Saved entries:
----------------------------------------

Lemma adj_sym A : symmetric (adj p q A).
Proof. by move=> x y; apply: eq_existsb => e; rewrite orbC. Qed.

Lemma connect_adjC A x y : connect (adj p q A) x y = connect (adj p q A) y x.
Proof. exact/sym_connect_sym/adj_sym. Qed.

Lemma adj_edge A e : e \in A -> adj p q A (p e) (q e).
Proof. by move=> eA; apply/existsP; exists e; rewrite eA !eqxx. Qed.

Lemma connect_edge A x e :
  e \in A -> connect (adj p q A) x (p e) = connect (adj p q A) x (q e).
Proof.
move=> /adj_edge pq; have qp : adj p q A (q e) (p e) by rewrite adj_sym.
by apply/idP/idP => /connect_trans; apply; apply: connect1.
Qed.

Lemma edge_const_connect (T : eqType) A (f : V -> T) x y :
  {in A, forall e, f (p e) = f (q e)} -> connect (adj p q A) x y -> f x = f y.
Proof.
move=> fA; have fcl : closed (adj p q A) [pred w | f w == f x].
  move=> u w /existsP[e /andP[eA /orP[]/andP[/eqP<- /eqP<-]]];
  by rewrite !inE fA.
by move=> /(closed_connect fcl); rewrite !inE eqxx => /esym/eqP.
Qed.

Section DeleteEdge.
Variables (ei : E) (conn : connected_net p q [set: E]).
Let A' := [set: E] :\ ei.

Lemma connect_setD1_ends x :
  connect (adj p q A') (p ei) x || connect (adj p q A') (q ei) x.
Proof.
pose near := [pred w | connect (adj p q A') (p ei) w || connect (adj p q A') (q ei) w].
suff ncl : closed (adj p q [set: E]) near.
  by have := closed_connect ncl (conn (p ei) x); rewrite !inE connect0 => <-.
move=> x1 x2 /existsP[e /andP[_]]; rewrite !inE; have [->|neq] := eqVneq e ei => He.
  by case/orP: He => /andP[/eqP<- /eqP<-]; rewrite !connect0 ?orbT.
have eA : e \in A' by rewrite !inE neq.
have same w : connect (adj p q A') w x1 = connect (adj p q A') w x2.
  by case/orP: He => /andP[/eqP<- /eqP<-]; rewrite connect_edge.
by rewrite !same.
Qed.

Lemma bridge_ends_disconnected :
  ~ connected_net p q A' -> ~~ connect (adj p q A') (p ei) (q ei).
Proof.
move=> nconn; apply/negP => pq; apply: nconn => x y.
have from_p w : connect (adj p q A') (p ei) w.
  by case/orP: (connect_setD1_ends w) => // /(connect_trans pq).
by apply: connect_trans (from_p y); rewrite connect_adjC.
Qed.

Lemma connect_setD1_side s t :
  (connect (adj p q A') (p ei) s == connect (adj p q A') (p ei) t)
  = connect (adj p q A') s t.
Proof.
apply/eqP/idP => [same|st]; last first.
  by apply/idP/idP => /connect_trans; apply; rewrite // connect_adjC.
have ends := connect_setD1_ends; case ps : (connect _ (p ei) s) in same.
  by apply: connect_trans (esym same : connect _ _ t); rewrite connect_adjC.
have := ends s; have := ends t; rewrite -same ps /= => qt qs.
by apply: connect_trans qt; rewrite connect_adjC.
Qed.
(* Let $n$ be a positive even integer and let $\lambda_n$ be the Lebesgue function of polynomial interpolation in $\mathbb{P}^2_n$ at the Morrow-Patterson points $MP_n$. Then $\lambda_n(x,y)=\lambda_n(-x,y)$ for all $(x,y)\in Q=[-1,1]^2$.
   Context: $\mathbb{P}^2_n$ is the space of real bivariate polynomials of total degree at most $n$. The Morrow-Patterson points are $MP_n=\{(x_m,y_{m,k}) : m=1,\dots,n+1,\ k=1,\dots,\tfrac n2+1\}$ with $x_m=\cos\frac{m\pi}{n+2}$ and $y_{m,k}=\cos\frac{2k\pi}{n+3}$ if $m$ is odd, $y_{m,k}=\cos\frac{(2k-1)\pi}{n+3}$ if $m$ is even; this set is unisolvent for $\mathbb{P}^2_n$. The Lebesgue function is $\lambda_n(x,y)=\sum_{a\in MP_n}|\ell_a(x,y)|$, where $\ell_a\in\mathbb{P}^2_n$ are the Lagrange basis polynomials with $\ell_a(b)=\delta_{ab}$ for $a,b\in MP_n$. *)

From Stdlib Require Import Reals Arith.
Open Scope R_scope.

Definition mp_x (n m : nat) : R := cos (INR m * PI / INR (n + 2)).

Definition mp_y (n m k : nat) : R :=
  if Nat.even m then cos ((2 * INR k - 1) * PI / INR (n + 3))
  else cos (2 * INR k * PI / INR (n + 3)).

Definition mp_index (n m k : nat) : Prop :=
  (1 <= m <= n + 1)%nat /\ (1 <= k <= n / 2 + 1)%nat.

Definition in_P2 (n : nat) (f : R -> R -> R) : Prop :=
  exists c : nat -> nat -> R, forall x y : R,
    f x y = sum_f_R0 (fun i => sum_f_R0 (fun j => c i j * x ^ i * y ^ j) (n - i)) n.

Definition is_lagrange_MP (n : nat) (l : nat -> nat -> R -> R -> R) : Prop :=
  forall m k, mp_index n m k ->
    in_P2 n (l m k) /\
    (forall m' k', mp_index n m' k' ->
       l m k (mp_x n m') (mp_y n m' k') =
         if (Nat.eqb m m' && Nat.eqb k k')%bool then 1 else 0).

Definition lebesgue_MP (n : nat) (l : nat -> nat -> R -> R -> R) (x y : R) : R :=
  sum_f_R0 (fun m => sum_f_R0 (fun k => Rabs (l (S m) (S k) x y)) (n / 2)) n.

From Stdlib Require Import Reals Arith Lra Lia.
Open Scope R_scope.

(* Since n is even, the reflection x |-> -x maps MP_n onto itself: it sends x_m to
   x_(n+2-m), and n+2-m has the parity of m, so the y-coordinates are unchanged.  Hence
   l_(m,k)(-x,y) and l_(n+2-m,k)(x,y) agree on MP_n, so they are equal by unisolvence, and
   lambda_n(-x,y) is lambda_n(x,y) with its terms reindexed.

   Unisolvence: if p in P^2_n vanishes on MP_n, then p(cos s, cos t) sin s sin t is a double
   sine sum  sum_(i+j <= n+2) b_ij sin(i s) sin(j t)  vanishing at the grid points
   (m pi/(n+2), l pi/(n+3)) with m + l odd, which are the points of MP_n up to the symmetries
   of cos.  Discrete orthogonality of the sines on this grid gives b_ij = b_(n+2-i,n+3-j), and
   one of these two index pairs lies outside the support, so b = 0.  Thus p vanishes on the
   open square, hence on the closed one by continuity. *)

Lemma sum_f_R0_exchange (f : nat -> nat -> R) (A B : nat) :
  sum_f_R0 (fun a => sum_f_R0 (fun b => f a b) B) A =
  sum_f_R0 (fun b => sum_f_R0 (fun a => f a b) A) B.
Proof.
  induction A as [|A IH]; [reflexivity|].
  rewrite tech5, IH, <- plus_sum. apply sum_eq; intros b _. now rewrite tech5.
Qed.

----------------------------------------

WHAT THE EXERCISE ASKS: From the records above, transcribe without alteration every line from the one with "apply/eqP/idP => [same|st]; last first." to the one with "(* Since n is", inclusive.

OUTPUT OF THE EXERCISE:
apply/eqP/idP => [same|st]; last first.
  by apply/idP/idP => /connect_trans; apply; rewrite // connect_adjC.
have ends := connect_setD1_ends; case ps : (connect _ (p ei) s) in same.
  by apply: connect_trans (esym same : connect _ _ t); rewrite connect_adjC.
have := ends s; have := ends t; rewrite -same ps /= => qt qs.
by apply: connect_trans qt; rewrite connect_adjC.
Qed.
(* Let $n$ be a positive even integer and let $\lambda_n$ be the Lebesgue function of polynomial interpolation in $\mathbb{P}^2_n$ at the Morrow-Patterson points $MP_n$. Then $\lambda_n(x,y)=\lambda_n(-x,y)$ for all $(x,y)\in Q=[-1,1]^2$.
   Context: $\mathbb{P}^2_n$ is the space of real bivariate polynomials of total degree at most $n$. The Morrow-Patterson points are $MP_n=\{(x_m,y_{m,k}) : m=1,\dots,n+1,\ k=1,\dots,\tfrac n2+1\}$ with $x_m=\cos\frac{m\pi}{n+2}$ and $y_{m,k}=\cos\frac{2k\pi}{n+3}$ if $m$ is odd, $y_{m,k}=\cos\frac{(2k-1)\pi}{n+3}$ if $m$ is even; this set is unisolvent for $\mathbb{P}^2_n$. The Lebesgue function is $\lambda_n(x,y)=\sum_{a\in MP_n}|\ell_a(x,y)|$, where $\ell_a\in\mathbb{P}^2_n$ are the Lagrange basis polynomials with $\ell_a(b)=\delta_{ab}$ for $a,b\in MP_n$. *)

From Stdlib Require Import Reals Arith.
Open Scope R_scope.

Definition mp_x (n m : nat) : R := cos (INR m * PI / INR (n + 2)).

Definition mp_y (n m k : nat) : R :=
  if Nat.even m then cos ((2 * INR k - 1) * PI / INR (n + 3))
  else cos (2 * INR k * PI / INR (n + 3)).

Definition mp_index (n m k : nat) : Prop :=
  (1 <= m <= n + 1)%nat /\ (1 <= k <= n / 2 + 1)%nat.

Definition in_P2 (n : nat) (f : R -> R -> R) : Prop :=
  exists c : nat -> nat -> R, forall x y : R,
    f x y = sum_f_R0 (fun i => sum_f_R0 (fun j => c i j * x ^ i * y ^ j) (n - i)) n.

Definition is_lagrange_MP (n : nat) (l : nat -> nat -> R -> R -> R) : Prop :=
  forall m k, mp_index n m k ->
    in_P2 n (l m k) /\
    (forall m' k', mp_index n m' k' ->
       l m k (mp_x n m') (mp_y n m' k') =
         if (Nat.eqb m m' && Nat.eqb k k')%bool then 1 else 0).

Definition lebesgue_MP (n : nat) (l : nat -> nat -> R -> R -> R) (x y : R) : R :=
  sum_f_R0 (fun m => sum_f_R0 (fun k => Rabs (l (S m) (S k) x y)) (n / 2)) n.

From Stdlib Require Import Reals Arith Lra Lia.
Open Scope R_scope.

(* Since n is even, the reflection x |-> -x maps MP_n onto itself: it sends x_m to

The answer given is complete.